Task to complete:
The number of lines below containing the word "expand" is all that should be returned.

(Data begins)

(* For every prime power $q$ and all $k,m\in\mathbb{N}$, there exists an $m$-multiplication-friendly collection $(C^{(h)};\mathrm{Enc}^{(h)})_{h\in[m]}$ of $[n,k]_q$ classical codes, where $n=q^{m(k-1)}$.
   Context: $x*y$ is the componentwise product in $\mathbb{F}_q^n$. An encoding function of an $[n,k]_q$ classical (linear) code $C\subseteq\mathbb{F}_q^n$ is an $\mathbb{F}_q$-linear isomorphism $\mathrm{Enc}:\mathbb{F}_{q^k}\to C$ (viewing $\mathbb{F}_{q^k}$ as a $k$-dimensional $\mathbb{F}_q$-space). A collection $(C^{(h)};\mathrm{Enc}^{(h)})_{h\in[m]}$ of $[n,k]_q$ codes is $m$-multiplication-friendly if there is an $\mathbb{F}_q$-linear $\mathrm{Dec}:\mathbb{F}_q^n\to\mathbb{F}_{q^k}$ with $z_1\cdots z_m=\mathrm{Dec}(\mathrm{Enc}^{(1)}(z_1)*\cdots*\mathrm{Enc}^{(m)}(z_m))$ for all $z_1,\dots,z_m\in\mathbb{F}_{q^k}$. *)

From HB Require Import structures.
From mathcomp Require Import all_boot all_order all_algebra all_field.
Set Implicit Arguments. Unset Strict Implicit. Unset Printing Implicit Defensive.
Import GRing.Theory.
Local Open Scope ring_scope.

(* F plays the role of F_q (q = #|F|), L the role of F_{q^k}
   (a field extension of F of dimension k).  Vectors of F_q^n are row
   vectors 'rV[F]_n. *)

(* Componentwise product x_1 * ... * x_m in F^n (empty product = all-ones). *)
Definition cwprod (F : fieldType) (n m : nat) (x : 'I_m -> 'rV[F]_n) : 'rV[F]_n :=
  \row_(j < n) \prod_(h < m) x h 0 j.

Definition code_collection (F : fieldType) (L : fieldExtType F) (n k m : nat)
    (C : 'I_m -> {vspace 'rV[F]_n}) (Enc : 'I_m -> 'Hom(L, 'rV[F]_n)) : Prop :=
  forall h : 'I_m,
    [/\ \dim (C h) = k, lker (Enc h) = 0%VS & limg (Enc h) = C h].

Definition mult_friendly (F : fieldType) (L : fieldExtType F) (n m : nat)
    (Enc : 'I_m -> 'Hom(L, 'rV[F]_n)) : Prop :=
  exists Dec : 'Hom('rV[F]_n, L),
    forall z : 'I_m -> L,
      \prod_(h < m) z h = Dec (cwprod (fun h => Enc h (z h))).

From HB Require Import structures.
From mathcomp Require Import all_boot all_order all_algebra all_field.
Set Implicit Arguments. Unset Strict Implicit. Unset Printing Implicit Defensive.
Import GRing.Theory.
Local Open Scope ring_scope.

(* Fix a basis e_1, ..., e_k of L over F. The h-th encoding writes z in the
   coordinates indexed by the maps t : [m] -> [k], repeating coordinate t(h)
   of z; the componentwise product of the m codewords is then the family of
   all products of coordinates, which is exactly the data needed to expand
   z_1 ... z_m over the products e_(t 1) ... e_(t m). This gives codes of
   length k^m, which are zero-padded to length q^(m(k-1)) >= k^m, since
   k <= q^(k-1). *)

Lemma eq_cwprod (F : fieldType) (n m : nat) (x y : 'I_m -> 'rV[F]_n) :
  x =1 y -> cwprod x = cwprod y.
Proof. by move=> xy; apply/rowP=> j; rewrite !mxE; apply: eq_bigr => h _; rewrite xy. Qed.

Lemma code_collection_limg (F : fieldType) (L : fieldExtType F) (n k m : nat)
    (Enc : 'I_m -> 'Hom(L, 'rV[F]_n)) :
  \dim {:L} = k -> (forall h, lker (Enc h) = 0%VS) ->
  code_collection k (fun h => limg (Enc h)) Enc.
Proof.
by move=> dimL Enc_inj h; split=> //; rewrite limg_dim_eq // Enc_inj capv0.
Qed.

Section Padding.

Variables (F : fieldType) (N n : nat).
Hypothesis leNn : (N <= n)%N.

Definition pad (v : 'rV[F]_N) : 'rV[F]_n :=
  \row_(j < n) if insub (val j) is Some i then v 0 i else 0.

Definition trunc (v : 'rV[F]_n) : 'rV[F]_N := \row_(i < N) v 0 (widen_ord leNn i).

Lemma pad_is_linear : linear pad.
Proof.
move=> a u v; apply/rowP=> j; rewrite !mxE.
by case: insub => [i|]; rewrite ?mxE ?mulr0 ?addr0.
Qed.

HB.instance Definition _ :=
  GRing.isLinear.Build F 'rV[F]_N 'rV[F]_n _ pad pad_is_linear.

Lemma trunc_is_linear : linear trunc.
Proof. by move=> a u v; apply/rowP=> i; rewrite !mxE. Qed.

HB.instance Definition _ :=
  GRing.isLinear.Build F 'rV[F]_n 'rV[F]_N _ trunc trunc_is_linear.

Lemma padK : cancel pad trunc.
Proof. by move=> v; apply/rowP=> i; rewrite !mxE /= valK. Qed.

Lemma trunc_cwprod m (x : 'I_m -> 'rV[F]_n) :
  trunc (cwprod x) = cwprod (fun h => trunc (x h)).
Proof. by apply/rowP=> i; rewrite !mxE; apply: eq_bigr => h _; rewrite mxE. Qed.

Variables (L : fieldExtType F) (m : nat) (Enc : 'I_m -> 'Hom(L, 'rV[F]_N)).

Definition pad_enc (h : 'I_m) : 'Hom(L, 'rV[F]_n) := (linfun pad \o Enc h)%VF.

Lemma lker_pad_enc h : lker (pad_enc h) = lker (Enc h).
Proof.
apply/vspaceP=> z; rewrite !memv_ker comp_lfunE lfunE /=.
by rewrite -(can_eq padK) linear0.
Qed.

(* For m = 0 the padding coordinates of the product are 1, not 0: decoding
   must discard them by truncation. *)
Lemma mult_friendly_pad : mult_friendly Enc -> mult_friendly pad_enc.
Proof.
case=> Dec DecP; exists (Dec \o linfun trunc)%VF => z.
rewrite comp_lfunE lfunE /= trunc_cwprod DecP; congr (Dec _).
by apply: eq_cwprod => h; rewrite comp_lfunE lfunE /= padK.
Qed.

End Padding.

Section TensorCode.

Variables (F : fieldType) (L : fieldExtType F) (m : nat).

Let e := vbasis {:L}.
Let I := {ffun 'I_m -> 'I_(\dim {:L})}.
Let N := #|I|.

Definition tensor_enc (h : 'I_m) (z : L) : 'rV[F]_N :=
  \row_(j < N) coord e (enum_val j h) z.

Definition tensor_dec (v : 'rV[F]_N) : L :=
  \sum_(j < N) v 0 j *: \prod_(h < m) e`_(enum_val j h).

Lemma tensor_enc_is_linear h : linear (tensor_enc h).
Proof. by move=> a x y; apply/rowP=> j; rewrite !mxE linearP. Qed.

HB.instance Definition _ h :=
  GRing.isLinear.Build F L 'rV[F]_N _ (tensor_enc h) (tensor_enc_is_linear h).

Lemma tensor_dec_is_linear : linear tensor_dec.
Proof.
move=> a u v; rewrite /tensor_dec scaler_sumr -big_split /=.
by apply: eq_bigr => j _; rewrite !mxE scalerDl scalerA.
Qed.

HB.instance Definition _ :=
  GRing.isLinear.Build F 'rV[F]_N L _ tensor_dec tensor_dec_is_linear.

Lemma lker_tensor_enc h : lker (linfun (tensor_enc h)) = 0%VS.
Proof.
apply/eqP/lker0P => y z; rewrite !lfunE /= => /rowP yz.
rewrite (coord_vbasis (memvf y)) (coord_vbasis (memvf z)).
apply: eq_bigr => i _; congr (_ *: _).
by have := yz (enum_rank [ffun=> i]); rewrite !mxE enum_rankK ffunE.
Qed.

Lemma tensor_decK (z : 'I_m -> L) :
  \prod_(h < m) z h = tensor_dec (cwprod (fun h => tensor_enc h (z h))).
Proof.
have expand h : z h = \sum_(i < \dim {:L}) coord e i (z h) *: e`_i.
  exact/coord_vbasis/memvf.
rewrite (eq_bigr _ (fun h _ => expand h)) bigA_distr_bigA /= big_enum_val /=.
apply: eq_bigr => j _; rewrite scaler_prod mxE.
by congr (_ *: _); apply: eq_bigr => h _; rewrite mxE.
Qed.

Lemma mult_friendly_tensor : mult_friendly (fun h => linfun (tensor_enc h)).
Proof.
exists (linfun tensor_dec) => z; rewrite lfunE tensor_decK /=.
by congr (tensor_dec _); apply: eq_cwprod => h; rewrite lfunE.
Qed.

End TensorCode.

Lemma leq_pred_exp q k : (1 < q)%N -> (0 < k)%N -> (k <= q ^ (k - 1))%N.
Proof. by move=> q_gt1 k_gt0; rewrite -{1}(subnK k_gt0) addn1 ltn_expl. Qed.

Theorem lemma4p5 (F : finFieldType) (L : fieldExtType F) (k m : nat) :
  (0 < k)%N -> \dim {:L} = k ->
  let n := (#|F| ^ (m * (k - 1)))%N in
  exists (C : 'I_m -> {vspace 'rV[F]_n}) (Enc : 'I_m -> 'Hom(L, 'rV[F]_n)),
    @code_collection F L n k m C Enc /\ @mult_friendly F L n m Enc.
Proof.
move=> k_gt0 dimL n.
have tensor_len_le : (#|{ffun 'I_m -> 'I_(\dim {:L})}| <= n)%N.
  rewrite card_ffun !card_ord dimL /n mulnC expnM {n}.
  case: m => [|m'] //; rewrite leq_exp2r //.
  exact/leq_pred_exp/k_gt0/finNzRing_gt1.
pose Enc := pad_enc n (fun h => linfun (@tensor_enc F L m h)).
exists (fun h => limg (Enc h)), Enc; split.
- apply: code_collection_limg => // h.
  by rewrite (lker_pad_enc tensor_len_le) lker_tensor_enc.
- exact/mult_friendly_pad/mult_friendly_tensor.
Qed.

(Data ends)

Reply to the task:
3